• Your goal
In the entries that follow, find the line containing "move=> u v /(congr1 val)"; from there, copy every line exactly through the line containing "(* conjugating [1".

------ Listed records ------

Lemma Psi_mx_hom B : Psi F n sM tM (mx_hom B) = mx_hom B.
Proof.
by rewrite /Psi pi_resE sec_resE hcomp_mx_hom1r ?hcomp_mx_hom1l //; apply: in_ivMR.
Qed.

Lemma Psi_emb_invE B : mx_supp ivM B -> Psi F n sM tM (emb_inv F n sM B) = mx_hom B.
Proof. by move=> ivB; rewrite emb_invE ?Psi_mx_hom //; apply: mx_supp_sub ivM_Omega ivB. Qed.

Lemma Pimg_unitmx B : Pimg F n sM tM B -> B \in unitmx.
Proof.
move=> [OB [[_ [G [homG [BG _]]]] _]].
have ivRB : mx_supp (iv_rel sM cn) B by apply: mx_supp_sub OB => i j; rewrite Omega_ivR.
rewrite emb_invE // -(hom_mxK homG) hcomp_mx_hom_iv // in BG; last exact: hom_mx_supp.
have ovR : subrel (iv_rel sM cn) (fun i j => in_iv sM cn (sM j) i).
  by move=> i j; have := stM j; rewrite /iv_rel /iv_le /in_iv; lia.
suff /mulmx1_unit[] : B *m hom_mx G = 1%:M by [].
apply: (mx_hom_inj _ _ _ _ _ (etrans BG (esym mx_hom1))) => [j | |]; first by have := stM j; lia.
  exact/(mx_supp_sub ovR)/(mx_suppMt iv_rel_trans ivRB)/hom_mx_supp/homG.
exact/(mx_supp_sub ovR)/mx_supp1/iv_rel_refl.
Qed.

(* f(iota(Q)) = iota(Q) forces B i j = 0 when the summand M_i ends after M_j *)
Lemma Pimg_supp B : Pimg F n sM tM B -> mx_supp ivM B.
Proof.
move=> [OB [_ [g [_ Bg]]]] i j.
rewrite emb_invE // iota_resE hcomp_mx_hom1r in Bg; last exact: in_ivQR.
have [Oij | /OB //] := boolP (Omega sM i j).
move: Oij; rewrite /iv_rel /iv_le /Omega => -> /=; rewrite -ltnNge => tji.
have jQ : in_iv tQ cn (tM i) j by have := stM i; have := stM j; rewrite /in_iv; lia.
have iR : in_iv sM cn (tM i) i by have := stM i; rewrite /in_iv; lia.
have := congr1 (fun f : homf (Qrep F n tM) (Rrep F n sM) => f (tM i) (iv_vtx jQ) (iv_vtx iR)) Bg.
rewrite /mx_hom /= => ->; rewrite /hcomp /=.
under eq_bigr => z _ do rewrite -[g _ _ _]hom_coefE /mx_hom mxE eq_sym.
rewrite (sum_vtx _ _ _ (fun z => hom_coef g (tM i) j z * (z == i)%:R)) sum_mul_delta.
by rewrite /in_iv ltnn.
Qed.

Lemma Pimg_of_supp B : B \in unitmx -> mx_supp ivM B -> Pimg F n sM tM B.
Proof.
move=> uB ivB; have OB := mx_supp_sub ivM_Omega ivB.
have ivRB : mx_supp (iv_rel sM cn) B by apply: mx_supp_sub OB => i j; rewrite Omega_ivR.
have ivQB : mx_supp (iv_rel tQ cn) B.
  by apply: mx_supp_sub ivB => i j; rewrite /iv_rel /iv_le ltnS leqnn !andbT => /andP[].
split=> //; rewrite emb_invE //; split; first exact: is_aut_mx_hom.
exists (mx_hom B); split; first exact: is_aut_mx_hom.
rewrite iota_resE hcomp_mx_hom1r; last exact: in_ivQR.
rewrite -[in LHS](mul1mx B); symmetry; apply: hcomp_mx_hom => k i x y out.
rewrite mxE; case: eqVneq => [yi | _]; last by rewrite mul0r.
rewrite ivB ?mulr0 //; apply: contraNN out => ivix.
by move: ivix (in_iv_vtx x) (in_iv_vtx y); rewrite -yi /iv_rel /iv_le /in_iv; lia.
Qed.

Lemma PimgP B : Pimg F n sM tM B <-> B \in unitmx /\ mx_supp ivM B.
Proof.
split=> [PB | [uB ivB]]; last exact: Pimg_of_supp.
by split; [apply: Pimg_unitmx | apply: Pimg_supp].
Qed.

End Resolution.

Lemma perm_linear_extension {N} (lt : rel 'I_N) : irreflexive lt -> transitive lt ->
  exists p : 'S_N, forall u v, lt u v -> (p u < p v)%N.
Proof.
move=> ltii lt_trans.
pose key u := (#|[set w | lt w u]| * N + u)%N.
have key_inj : injective key.
  move=> u v /(congr1 (modn^~ N)); rewrite !modnMDl !modn_small // => uv; exact: val_inj.
have key_mono u v : lt u v -> (key u < key v)%N.
  move=> luv; have : (#|[set w | lt w u]| < #|[set w | lt w v]|)%N.
    apply/proper_card/properP; split; last by exists u; rewrite !inE ?ltii.
    by apply/subsetP => w; rewrite !inE => /lt_trans; apply.
  by rewrite /key; have := ltn_ord u; nia.
pose rk u := #|[set w | (key w < key u)%N]|.
have rk_ord u : (rk u < N)%N.
  rewrite -[X in (_ < X)%N]card_ord; apply/proper_card/properP; split; first exact/subsetP.
  by exists u; rewrite ?inE ?ltnn.
have rk_mono u v : (key u < key v)%N -> (rk u < rk v)%N.
  move=> kuv; apply/proper_card/properP; split; last by exists u; rewrite !inE ?ltnn.
  by apply/subsetP => w; rewrite !inE => /ltn_trans; apply.
have rk_inj : injective (fun u => Ordinal (rk_ord u)).
  move=> u v /(congr1 val) /= ruv; apply: key_inj.
  by have [/rk_mono | /rk_mono | //] := ltngtP (key u) (key v); rewrite ruv ltnn.
by exists (perm rk_inj) => u v /key_mono; rewrite !permE; apply: rk_mono.
Qed.

Lemma conj_perm_mxE {F : fieldType} {N} (p : 'S_N) (B : 'M[F]_N) u v :
  (perm_mx p *m B *m invmx (perm_mx p)) u v = B (p u) (p v).
Proof.
have -> : invmx (perm_mx p) = perm_mx p^-1%g :> 'M[F]_N.
  have pp : perm_mx p *m perm_mx p^-1%g = 1%:M :> 'M[F]_N by rewrite -perm_mxM mulgV perm_mx1.
  by rewrite -[invmx _]mulmx1 -pp mulKmx ?unitmx_perm.
by rewrite -row_permE -col_permE !mxE.
Qed.

Lemma parabolic_of_total {F : fieldType} {N} (P : 'M[F]_N -> Prop) (r : rel 'I_N) :
    (forall B, P B <-> B \in unitmx /\ mx_supp r B) ->
  reflexive r -> transitive r -> total r -> parabolic P.
Proof.
move=> PE rr tr rtot; split.
  split=> [B /PE[] // | | A B /PE[uA rA] /PE[uB rB] | A /PE[uA rA]]; apply/PE.
  - by split; [apply: unitmx1 | apply: mx_supp1].
  - by rewrite unitmx_mul uA uB; split=> //; apply: mx_suppMt.
  - by rewrite unitmx_inv; split=> //; apply: mx_supp_inv.
have [p p_mono] : exists p : 'S_N, forall u v, ~~ r v u -> (p u < p v)%N.
  apply: perm_linear_extension => [u | v u w rvu rwv]; first by rewrite /= rr.
  apply: contra rwv => rwu; apply: tr rwu _.
  by have := rtot u v; rewrite (negbTE rvu) orbF.
exists (perm_mx p); split=> [|B [uB upB]]; first exact: unitmx_perm.
apply/PE; split; first by rewrite !unitmx_mul unitmx_perm unitmx_inv unitmx_perm uB.
by move=> u v ruv; rewrite conj_perm_mxE upB ?p_mono.
Qed.

Lemma mulmx_delta_mxE {F : fieldType} {N} (g h : 'M[F]_N) a b u v :
  (g *m delta_mx a b *m h) u v = g u a * h b v.
Proof.
by rewrite -(mul_delta_mx (0 : 'I_1)) mulmxA -colE -mulmxA -rowE mxE big_ord1 !mxE.
Qed.

Lemma upper_borel_1D {F : numFieldType} {N} {a b : 'I_N} : (a <= b)%N ->
  upper_borel (1%:M + delta_mx a b : 'M[F]_N).
Proof.
move=> ab; have low (i j : 'I_N) : (j < i)%N -> (1%:M + delta_mx a b : 'M[F]_N) i j = 0.
  move=> ji; rewrite !mxE -val_eqE /= (gtn_eqF ji) add0r; apply/eqP.
  by rewrite pnatr_eq0 eqb0; apply: contraTN ji => /andP[/eqP-> /eqP->]; rewrite -leqNgt.
split=> //; apply: upper_unitmx => // i.
by rewrite !mxE eqxx -natrD pnatr_eq0.
Qed.

(* conjugating [1 + E_ab] (a <= b) by g puts g u a * g^-1 b v at (u, v) *)
Lemma total_of_parabolic {F : numFieldType} {N} (P : 'M[F]_N -> Prop) (r : rel 'I_N) :
  reflexive r -> (forall B, P B -> mx_supp r B) -> parabolic P -> total r.
Proof.
move=> rr Pr [_ [g [ug Pg]]]; set h := invmx g.
have gEh (a b u v : 'I_N) : (a <= b)%N -> g u a * h b v != 0 -> r u v.
  move=> ab nz; have [-> // | uv] := eqVneq u v.
  apply: (mx_supp_nz (Pr _ (Pg _ (upper_borel_1D ab)))).
  by rewrite mulmxDr mulmx1 mulmxDl mulmxV // mxE mulmx_delta_mxE mxE (negbTE uv) add0r.
have diag (u : 'I_N) : exists b, g u b * h b u != 0.
  apply/existsP; apply: contraT; rewrite negb_exists => /forallP gh0.
  have := congr1 (fun A : 'M[F]_N => A u u) (mulmxV ug); rewrite !mxE eqxx big1 => [/eqP|b _].
    by rewrite eq_sym oner_eq0.
  by apply/eqP; rewrite -[_ == 0]negbK gh0.
move=> i j; have [bi] := diag i; have [bj] := diag j.
rewrite !mulf_eq0 !negb_or => /andP[gi hi] /andP[gj hj].
have [bij | bji] := leqP bi bj; apply/orP; [left | right].
  by apply: (gEh _ _ _ _ bij); rewrite mulf_neq0.
by apply: (gEh _ _ _ _ (ltnW bji)); rewrite mulf_neq0.
Qed.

------

• Exercise solution
  move=> u v /(congr1 val) /= ruv; apply: key_inj.
  by have [/rk_mono | /rk_mono | //] := ltngtP (key u) (key v); rewrite ruv ltnn.
by exists (perm rk_inj) => u v /key_mono; rewrite !permE; apply: rk_mono.
Qed.

Lemma conj_perm_mxE {F : fieldType} {N} (p : 'S_N) (B : 'M[F]_N) u v :
  (perm_mx p *m B *m invmx (perm_mx p)) u v = B (p u) (p v).
Proof.
have -> : invmx (perm_mx p) = perm_mx p^-1%g :> 'M[F]_N.
  have pp : perm_mx p *m perm_mx p^-1%g = 1%:M :> 'M[F]_N by rewrite -perm_mxM mulgV perm_mx1.
  by rewrite -[invmx _]mulmx1 -pp mulKmx ?unitmx_perm.
by rewrite -row_permE -col_permE !mxE.
Qed.

Lemma parabolic_of_total {F : fieldType} {N} (P : 'M[F]_N -> Prop) (r : rel 'I_N) :
    (forall B, P B <-> B \in unitmx /\ mx_supp r B) ->
  reflexive r -> transitive r -> total r -> parabolic P.
Proof.
move=> PE rr tr rtot; split.
  split=> [B /PE[] // | | A B /PE[uA rA] /PE[uB rB] | A /PE[uA rA]]; apply/PE.
  - by split; [apply: unitmx1 | apply: mx_supp1].
  - by rewrite unitmx_mul uA uB; split=> //; apply: mx_suppMt.
  - by rewrite unitmx_inv; split=> //; apply: mx_supp_inv.
have [p p_mono] : exists p : 'S_N, forall u v, ~~ r v u -> (p u < p v)%N.
  apply: perm_linear_extension => [u | v u w rvu rwv]; first by rewrite /= rr.
  apply: contra rwv => rwu; apply: tr rwu _.
  by have := rtot u v; rewrite (negbTE rvu) orbF.
exists (perm_mx p); split=> [|B [uB upB]]; first exact: unitmx_perm.
apply/PE; split; first by rewrite !unitmx_mul unitmx_perm unitmx_inv unitmx_perm uB.
by move=> u v ruv; rewrite conj_perm_mxE upB ?p_mono.
Qed.

Lemma mulmx_delta_mxE {F : fieldType} {N} (g h : 'M[F]_N) a b u v :
  (g *m delta_mx a b *m h) u v = g u a * h b v.
Proof.
by rewrite -(mul_delta_mx (0 : 'I_1)) mulmxA -colE -mulmxA -rowE mxE big_ord1 !mxE.
Qed.

Lemma upper_borel_1D {F : numFieldType} {N} {a b : 'I_N} : (a <= b)%N ->
  upper_borel (1%:M + delta_mx a b : 'M[F]_N).
Proof.
move=> ab; have low (i j : 'I_N) : (j < i)%N -> (1%:M + delta_mx a b : 'M[F]_N) i j = 0.
  move=> ji; rewrite !mxE -val_eqE /= (gtn_eqF ji) add0r; apply/eqP.
  by rewrite pnatr_eq0 eqb0; apply: contraTN ji => /andP[/eqP-> /eqP->]; rewrite -leqNgt.
split=> //; apply: upper_unitmx => // i.
by rewrite !mxE eqxx -natrD pnatr_eq0.
Qed.

(* conjugating [1 + E_ab] (a <= b) by g puts g u a * g^-1 b v at (u, v) *)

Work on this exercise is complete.